----- Supplied records
Fact pFrobenius_iter_is_monoid_morphism e : monoid_morphism (pFrobenius_iter e).
Proof. by split=> [|x y]; elim: e => //= e ->; rewrite ?rmorph1 ?rmorphM. Qed.

HB.instance Definition _ e := GRing.isNmodMorphism.Build F F (pFrobenius_iter e)
  (pFrobenius_iter_is_nmod_morphism e).
HB.instance Definition _ e := GRing.isMonoidMorphism.Build F F (pFrobenius_iter e)
  (pFrobenius_iter_is_monoid_morphism e).

Lemma pFrobenius_iterE e x : pFrobenius_iter e x = x ^+ (p ^ e).
Proof.
elim: e => [|e IH]; first by rewrite expn0 expr1.
by rewrite /= IH pFrobenius_autE -exprM -expnSr.
Qed.

Lemma pFrobenius_iter_fixedM e k x :
  x \in fixed_points (pFrobenius_iter e) ->
  x \in fixed_points (pFrobenius_iter (e * k)%N).
Proof.
rewrite !inE => /eqP fx; apply/eqP.
by rewrite /= /pFrobenius_iter mulnC iterM iter_fix.
Qed.

End IteratedFrobenius.

Lemma pigeonhole (T : finType) (g : nat -> T) : exists i j, (i < j)%N /\ g i = g j.
Proof.
have /injectivePn [[i ?] [[j ?] ne_ij eq_g]] :
    ~~ injectiveb (fun k : 'I_#|T|.+1 => g k).
  by apply/injectiveP => /leq_card; rewrite card_ord ltnn.
case: (ltngtP i j) => [lt_ij | lt_ji | eq_ij]; first by exists i, j.
  by exists j, i.
by case/eqP: ne_ij; apply: val_inj.
Qed.
(* Let $K=\{\sum_{i=1}^\infty a_i3^{-i}: a_i\in\{0,1\}\text{ for all } i\ge1\}$, and define $f,g\colon K\to\mathbb{R}$ by $f(x)=\sum_{i=1}^\infty a_{2i-1}3^{-i}$ and $g(x)=\sum_{i=1}^\infty a_{2i}3^{-i}$ for $x=\sum_{i=1}^\infty a_i3^{-i}\in K$. Then $f,g$ are continuous and \[ \overline{\dim}_B\operatorname{graph}(f+g)=\frac12+\frac{\log 2}{\log 3}>1,\qquad \overline{\dim}_B\operatorname{graph}(f)=\overline{\dim}_B\operatorname{graph}(g)=\frac{\log 8}{\log 9}<1. \]
   Context: $\operatorname{graph}(h)=\{(x,h(x)):x\in K\}\subset\mathbb{R}^2$ with the Euclidean metric. $\overline{\dim}_B$ denotes upper box dimension: for a non-empty bounded $X$, $\overline{\dim}_B X=\limsup_n \frac{\log N_n(X)}{n\log 2}$, where $N_n(X)$ is the maximal cardinality of a subset of $X$ whose points are pairwise at distance $>2^{-n}$. *)

From Stdlib Require Import Reals Lra List ClassicalEpsilon.
Open Scope R_scope.

(* [cantor_digits a x] : x = sum_{i>=1} a_i 3^{-i}, digits a_i in {0,1}
   (encoded as booleans; a 0 is unused). *)
Definition digit (b : bool) : R := if b then 1 else 0.

Definition cantor_digits (a : nat -> bool) (x : R) : Prop :=
  infinite_sum (fun n => digit (a (S n)) / 3 ^ (S n)) x.

Definition K (x : R) : Prop := exists a : nat -> bool, cantor_digits a x.

(* Value of a convergent series (chosen by epsilon; unique when it exists). *)
Definition series_value (u : nat -> R) : R :=
  epsilon (inhabits 0) (fun l => infinite_sum u l).

(* A digit sequence of x (the unique one when x is in K). *)
Definition digits_of (x : R) : nat -> bool :=
  epsilon (inhabits (fun _ => false)) (fun a => cantor_digits a x).

Definition fK (x : R) : R :=
  series_value (fun n => digit (digits_of x (2 * n + 1)%nat) / 3 ^ (S n)).
Definition gK (x : R) : R :=
  series_value (fun n => digit (digits_of x (2 * n + 2)%nat) / 3 ^ (S n)).

Definition continuous_on_K (h : R -> R) : Prop :=
  forall x, K x -> limit1_in h K (h x) x.

Definition graph (h : R -> R) (p : R * R) : Prop :=
  K (fst p) /\ snd p = h (fst p).

Definition dist2 (p q : R * R) : R :=
  sqrt ((fst p - fst q) ^ 2 + (snd p - snd q) ^ 2).

Definition separated (X : R * R -> Prop) (n : nat) (l : list (R * R)) : Prop :=
  NoDup l /\ (forall p, In p l -> X p) /\
  (forall p q, In p l -> In q l -> p <> q -> dist2 p q > / 2 ^ n).

Definition is_Nn (X : R * R -> Prop) (n m : nat) : Prop :=
  (exists l, separated X n l /\ length l = m) /\
  (forall l, separated X n l -> (length l <= m)%nat).

Definition is_limsup (u : nat -> R) (L : R) : Prop :=
  forall eps, eps > 0 ->
    (exists N, forall n, (n >= N)%nat -> u n < L + eps) /\
    (forall N, exists n, (n >= N)%nat /\ u n > L - eps).

Definition upper_box_dim_eq (X : R * R -> Prop) (D : R) : Prop :=
  exists N : nat -> nat, (forall n, is_Nn X n (N n)) /\
    is_limsup (fun n => ln (INR (N n)) / (INR n * ln 2)) D.

From Stdlib Require Import Reals Lra Lia Wf_nat List ClassicalEpsilon
  FunctionalExtensionality Classical.
Import ListNotations.
Open Scope R_scope.

(* Writing x = sum a_i 3^-i, each of f, g and f + g has the form
   x |-> sum_j psi(a_(2j-1), a_(2j)) 3^-j for a function psi of a digit pair taking
   c values (c = 2 for f and g, c = 3 for f + g).  At scale 2^-n ~ 9^-k a point of the
   graph is determined up to distance ~ 9^-k by a code of size (4c)^k: its first 2k
   digits (which fix x up to 9^-k) and the values of psi on the digit pairs k+1..2k
   (which, together with the pairs 1..k, fix the second coordinate up to 9^-k).
   Conversely the points whose digits realise each code, and whose later digits are
   all equal, are pairwise ~ 9^-k apart: a difference among the first 2k digits
   separates the first coordinates, otherwise the first differing value of psi
   separates the second ones.  Hence N_n is (4c)^k up to a factor (4c)^2, with
   k ~ n log 2 / log 9, and the upper box dimension is log (4c) / log 9. *)

Lemma least_nat (P : nat -> Prop) :
  (exists n, P n) -> exists n, P n /\ forall m, P m -> (n <= m)%nat.
Proof.
  intros HP.
  destruct (dec_inh_nat_subset_has_unique_least_element P (fun n => classic (P n)) HP)
    as [n [Hn _]].
  exists n; exact Hn.
Qed.

Lemma Un_cv_const (l : R) : Un_cv (fun _ => l) l.
Proof. intros eps Heps; exists O; intros n _; unfold R_dist; rewrite Rminus_diag, Rabs_R0; lra. Qed.

Lemma Un_cv_le_eventually (u v : nat -> R) (l1 l2 : R) (N : nat) :
  Un_cv u l1 -> Un_cv v l2 -> (forall n, (N <= n)%nat -> u n <= v n) -> l1 <= l2.
Proof.
  intros Hu Hv Huv.
  apply (Rle_cv_lim (Un := fun n => u (n + N)%nat) (Vn := fun n => v (n + N)%nat));
    [intros n; apply Huv; lia | apply CV_shift'; assumption ..].
Qed.

Lemma pow3_pos (n : nat) : 0 < 3 ^ n.
Proof. apply pow_lt; lra. Qed.

Lemma inv_pow3_pos (n : nat) : 0 < / 3 ^ n.
Proof. apply Rinv_0_lt_compat, pow3_pos. Qed.

Lemma inv_pow3_le (m n : nat) : (m <= n)%nat -> / 3 ^ n <= / 3 ^ m.
Proof. intros; apply Rinv_le_contravar; [apply pow3_pos | apply Rle_pow; [lra | assumption]]. Qed.

Lemma inv_pow3_small (eps : R) : 0 < eps -> exists m, / 3 ^ m < eps.
Proof.
  intros Heps. destruct (archimed_cor1 eps Heps) as [m [Hm Hm0]]. exists m.
  apply (Rle_lt_trans _ (/ INR m)); [|exact Hm].
  apply Rinv_le_contravar; [apply lt_0_INR; lia|].
  clear; induction m as [|m IH]; [simpl; lra|].
  rewrite S_INR; simpl. pose proof (Rle_pow 3 0 m ltac:(lra) (Nat.le_0_l m)); simpl in *; lra.
Qed.
(* Let $M$ be an ACI-matrix over a field $\mathbb{F}$ and let $F_1,F_2$ be two overlapping (i.e. $F_1\cap F_2\neq\emptyset$) factor sets (resp. semifactor sets) of $M$. Then $F_1\cap F_2$ and $F_1\cup F_2$ are factor sets (resp. semifactor sets) of $M$.
   Context: Let $\mathbb{F}$ be a field. An ACI-matrix is a matrix with entries in $\mathbb{F}[x_1,\dots,x_k]$ whose entries are polynomials of degree at most one and such that no indeterminate appears in two different columns. A completion is an assignment of values in $\mathbb{F}$ to all indeterminates; $\mathrm{maxRank}(N)$ is the maximum rank of a completion. ACI-matrices (and blocks) of size $0\times q$ ($q>0$, wide degenerate), $p\times 0$ ($p>0$, tall degenerate) and $0\times0$ (void) are allowed. $N$ is FRmR if $\mathrm{maxRank}(N)=\mathrm{rows}(N)$, FCmR if $\mathrm{maxRank}(N)=\mathrm{cols}(N)$; by convention tall degenerate is FRmR, wide degenerate is FCmR, void is both. For an $m\times n$ block matrix $\begin{bmatrix} A & B\\ 0 & C\end{bmatrix}$ with lower-left $r\times s$ zero block, the zero block is Big if $r+s>\max\{m,n\}$, Medium if $r+s=\max\{m,n\}$. For $F=\{f_1<\dots<f_s\}\subseteq\{1,\dots,n\}$ with complement $\{g_1<\dots<g_{n-s}\}$, $Q_F$ is the $n\times n$ permutation matrix such that $MQ_F$ has as columns $f_1,\dots,f_s,g_1,\dots,g_{n-s}$ of $M$ in that order. For an $m\times n$ ACI-matrix $M$, $F$ is a factor set of $M$ if there is a nonsingular constant $m\times m$ matrix $R$ with $RMQ_F=\begin{bmatrix} A & B\\ 0 & C\end{bmatrix}$, where $A$ has $\#F$ columns, the zero block is Big, $A$ is FRmR and $C$ is FCmR; $F$ is a semifactor set if the same holds with the zero block Medium. *)

From mathcomp Require Import all_boot all_order all_algebra.
Set Implicit Arguments. Unset Strict Implicit. Unset Printing Implicit Defensive.
Import GRing.Theory.
Local Open Scope ring_scope.
(* For all $n\ge 1$, \[\left|\mathrm{Av}_{n+2}[\overline{132},\overline{213},\overline{321}]\right|=\left|\mathcal{R}_n\right|.\]
   Context: For $\sigma\in S_m$, the cyclic permutation $[\sigma]$ is the set of all rotations of $\sigma$. $[\sigma]$ contains the totally vincular cyclic pattern $[\overline{abc}]$ (with $abc\in S_3$) if there are three cyclically consecutive entries $\sigma_i\sigma_{i+1}\sigma_{i+2}$ (indices mod $m$) order-isomorphic to $abc$; $\mathrm{Av}_m[\overline{132},\overline{213},\overline{321}]$ is the set of cyclic permutations of length $m$ containing none of these three patterns. A partial cyclic order on a set $X$ is a ternary relation $Z\subseteq X^3$ such that for all $x,y,z,u\in X$: $(x,y,z)\in Z\Rightarrow(y,z,x)\in Z$; $(x,y,z)\in Z\Rightarrow(z,y,x)\notin Z$; and $(x,y,z)\in Z$ and $(x,z,u)\in Z\Rightarrow(x,y,u)\in Z$. It is a total cyclic order if for every triple $(x,y,z)$ of distinct elements, $(x,y,z)\in Z$ or $(z,y,x)\in Z$. $\mathcal{R}_n$ is the set of total cyclic orders $Z$ on $[n+2]$ with $(i,i+1,i+2)\in Z$ for all $1\le i\le n$, $(n+1,n+2,1)\in Z$ and $(n+2,1,2)\in Z$. *)

From mathcomp Require Import all_boot all_fingroup.
Set Implicit Arguments. Unset Strict Implicit. Unset Printing Implicit Defensive.

(* Conventions: [m] = {1..m} is represented by 'I_m = {0..m-1} (value v <-> v+1);
   a permutation sigma in S_m is a {perm 'I_m}, with sigma_i = s i (0-indexed). *)

Definition cshift (m : nat) (i : 'I_m) (k : nat) : 'I_m :=
  Ordinal (ltn_pmod (i + k) (leq_ltn_trans (leq0n i) (ltn_ord i))).

Definition cycperm (m : nat) (s : {perm 'I_m}) : {set {perm 'I_m}} :=
  [set t : {perm 'I_m} | [exists k : 'I_m, [forall i : 'I_m, t i == s (cshift i k)]]].

Definition order_iso3 (x p : nat -> nat) : bool :=
  [forall j : 'I_3, forall k : 'I_3, (x j < x k) == (p j < p k)].

Definition contains_tv (m : nat) (s : {perm 'I_m}) (p : nat -> nat) : bool :=
  [exists i : 'I_m, order_iso3 (fun j => nat_of_ord (s (cshift i j))) p].

Definition pat132 (j : nat) : nat := nth 0 [:: 1; 3; 2] j.
Definition pat213 (j : nat) : nat := nth 0 [:: 2; 1; 3] j.
Definition pat321 (j : nat) : nat := nth 0 [:: 3; 2; 1] j.

Definition avoids3 (m : nat) (s : {perm 'I_m}) : bool :=
  [&& ~~ contains_tv s pat132, ~~ contains_tv s pat213 & ~~ contains_tv s pat321].

(* Av_m[132,213,321] : set of cyclic permutations (rotation classes) of length m
   avoiding the three patterns (containment is rotation invariant). *)
Definition Av (m : nat) : {set {set {perm 'I_m}}} :=
  [set cycperm s | s in [set s : {perm 'I_m} | avoids3 s]].

Definition partial_cyclic_order (X : finType) (Z : {set X * X * X}) : bool :=
  [forall x : X, forall y : X, forall z : X, forall u : X,
    [&& ((x, y, z) \in Z) ==> ((y, z, x) \in Z),
        ((x, y, z) \in Z) ==> ((z, y, x) \notin Z) &
        (((x, y, z) \in Z) && ((x, z, u) \in Z)) ==> ((x, y, u) \in Z)]].

Definition total_cyclic_order (X : finType) (Z : {set X * X * X}) : bool :=
  partial_cyclic_order Z &&
  [forall x : X, forall y : X, forall z : X,
    [&& x != y, y != z & x != z] ==> (((x, y, z) \in Z) || ((z, y, x) \in Z))].

(* R_n : total cyclic orders Z on [n+2] (0-indexed: 'I_(n+2)) with
   (i,i+1,i+2) in Z for 1<=i<=n, (n+1,n+2,1) in Z, (n+2,1,2) in Z. *)
Definition Rn (n : nat) : {set {set 'I_n.+2 * 'I_n.+2 * 'I_n.+2}} :=
  [set Z : {set 'I_n.+2 * 'I_n.+2 * 'I_n.+2} |
    [&& total_cyclic_order Z,
        [forall i : 'I_n.+2, (i < n) ==>
           ((inord i, inord i.+1, inord i.+2) \in Z)],
        ((inord n, inord n.+1, inord 0) \in Z) &
        ((inord n.+1, inord 0, inord 1) \in Z)]].

Set Warnings "-notation-overridden,-ambiguous-paths".
From mathcomp Require Import all_boot fingroup perm ssralg zmodp zify.
Import GRing.Theory.
Set Implicit Arguments. Unset Strict Implicit. Unset Printing Implicit Defensive.

(* A window of three distinct values avoids 132, 213 and 321 exactly when it is
   cyclically increasing (order-isomorphic to 123, 231 or 312). Hence sigma avoids
   the three patterns iff the cyclic order that sigma pulls back from the values
   orients every window (i, i+1, i+2) positively, which is the condition defining
   R_n. Conversely, a total cyclic order on [m] cut open at 1 is a linear order,
   and its rank function is the unique sigma with sigma(1) = 1 pulling it back.
   As every rotation class has exactly one member with sigma(1) = 1, both sides
   are counted by the avoiding permutations fixing 1. *)

Definition cyc_incr (x y z : nat) : bool :=
  [|| (x < y) && (y < z), (y < z) && (z < x) | (z < x) && (x < y)].

Lemma cyc_incr_total x y z :
  x != y -> y != z -> x != z -> cyc_incr x y z || cyc_incr z y x.
Proof. rewrite /cyc_incr; lia. Qed.

Lemma cshift0 m (i : 'I_m) : cshift i 0 = i.
Proof. by apply: val_inj; rewrite /= addn0 modn_small. Qed.

Lemma eq_order_iso3 (x y p : nat -> nat) : x =1 y -> order_iso3 x p = order_iso3 y p.
Proof. by move=> xy; apply: eq_forallb => j; apply: eq_forallb => l; rewrite !xy. Qed.

Section Rotation.
Variable m : nat.
Implicit Types (s : {perm 'I_m.+1}) (i k : 'I_m.+1).
Local Open Scope group_scope.

Lemma cshiftE i j : cshift i j = (i + inZp j)%R.
Proof. by apply: val_inj; rewrite /= modnDmr. Qed.

Lemma inZp_ord i : inZp i = i.
Proof. by apply: val_inj; rewrite /= modn_small. Qed.

Definition rot_perm k : {perm 'I_m.+1} := perm (addIr k).

Lemma rot_permE k i : rot_perm k i = (i + k)%R.
Proof. by rewrite permE. Qed.

Lemma contains_tv_rot s k p : contains_tv (rot_perm k * s) p -> contains_tv s p.
Proof.
case/existsP=> i iso; apply/existsP; exists (i + k)%R.
rewrite -(eq_order_iso3 _ (x := fun j => val ((rot_perm k * s) (cshift i j)))) // => j.
by rewrite permM rot_permE !cshiftE addrAC.
Qed.

Lemma avoids3_rot k s : avoids3 s -> avoids3 (rot_perm k * s).
Proof.
by case/and3P=> ? ? ?; apply/and3P; split; apply/negP => /contains_tv_rot; apply/negP.
Qed.

Lemma cycperm_rot s k : cycperm (rot_perm k * s) = cycperm s.
Proof.
apply/setP => t; rewrite !inE.
apply/existsP/existsP => -[k' /forallP tE]; [exists (k' + k)%R | exists (k' - k)%R];
  apply/forallP => i; rewrite (eqP (tE i)) permM rot_permE !cshiftE !inZp_ord addrA //.
by rewrite subrK.
Qed.

Lemma cycperm_refl s : s \in cycperm s.
Proof.
rewrite inE; apply/existsP; exists ord0; apply/forallP => i.
by rewrite cshift0.
Qed.

Lemma cycperm_inj_rooted :
  {in [pred s : {perm 'I_m.+1} | s ord0 == ord0] &, injective (@cycperm m.+1)}.
Proof.
move=> s t /eqP s0 /eqP t0 st.
have : s \in cycperm t by rewrite -st cycperm_refl.
rewrite inE => /existsP[k /forallP sE].
have : t (cshift ord0 k) = t ord0 by rewrite -(eqP (sE ord0)) s0 t0.
move/perm_inj/(congr1 val); rewrite /= add0n modn_small // => k0.
apply/permP => i; rewrite (eqP (sE i)); congr (t _).
by apply/val_inj; rewrite /= k0 addn0 modn_small.
Qed.

Lemma card_rotation_classes (P : pred {perm 'I_m.+1}) :
    (forall k s, P s -> P (rot_perm k * s)) ->
  #|[set cycperm s | s in [set s | P s]]| = #|[set s | P s & s ord0 == ord0]|.
Proof.
move=> P_rot.
suff -> : [set cycperm s | s in [set s | P s]] =
          @cycperm m.+1 @: [set s | P s & s ord0 == ord0].
  by rewrite card_in_imset // => s t; rewrite !inE => /andP[_ s0] /andP[_ t0];
    exact: cycperm_inj_rooted.
apply/setP => C; apply/imsetP/imsetP => -[s]; rewrite inE.
- move=> Ps ->; exists (rot_perm (s^-1 ord0) * s); last by rewrite cycperm_rot.
  by rewrite inE P_rot //= permM rot_permE add0r permKV.
- by case/andP=> Ps _ ->; exists s; rewrite ?inE.
Qed.

End Rotation.

Lemma forall_ord3 (P : pred 'I_3) :
  [forall j, P j] = [&& P (inord 0), P (inord 1) & P (inord 2)].
Proof.
apply/forallP/and3P => [P_all | [P0 P1 P2] j]; first by split; apply: P_all.
have : (j : nat) \in [:: 0; 1; 2] by case: j => -[|[|[]]].
by rewrite !inE => /or3P[] /eqP j_val; rewrite -(inord_val j) j_val.
Qed.

Lemma patterns_cyc_incr (x : nat -> nat) :
    x 0 != x 1 -> x 1 != x 2 -> x 0 != x 2 ->
  [&& ~~ order_iso3 x pat132, ~~ order_iso3 x pat213 & ~~ order_iso3 x pat321]
  = cyc_incr (x 0) (x 1) (x 2).
Proof.
rewrite /order_iso3 /pat132 /pat213 /pat321 /cyc_incr !forall_ord3 !inordK //= !ltnn.
case: (ltngtP (x 0) (x 1)); case: (ltngtP (x 1) (x 2)); case: (ltngtP (x 0) (x 2)) => //=; lia.
Qed.

Lemma cshift_inj m (i : 'I_m) j k : j < m -> k < m -> cshift i j = cshift i k -> j = k.
Proof.
move=> lt_jm lt_km /(congr1 val) /= /eqP.
by rewrite eqn_modDl !modn_small // => /eqP.
Qed.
----------
The problem
Set apart and copy each line of the records that holds the word "ltngtP".

Exercise solution
case: (ltngtP i j) => [lt_ij | lt_ji | eq_ij]; first by exists i, j.
case: (ltngtP (x 0) (x 1)); case: (ltngtP (x 1) (x 2)); case: (ltngtP (x 0) (x 2)) => //=; lia.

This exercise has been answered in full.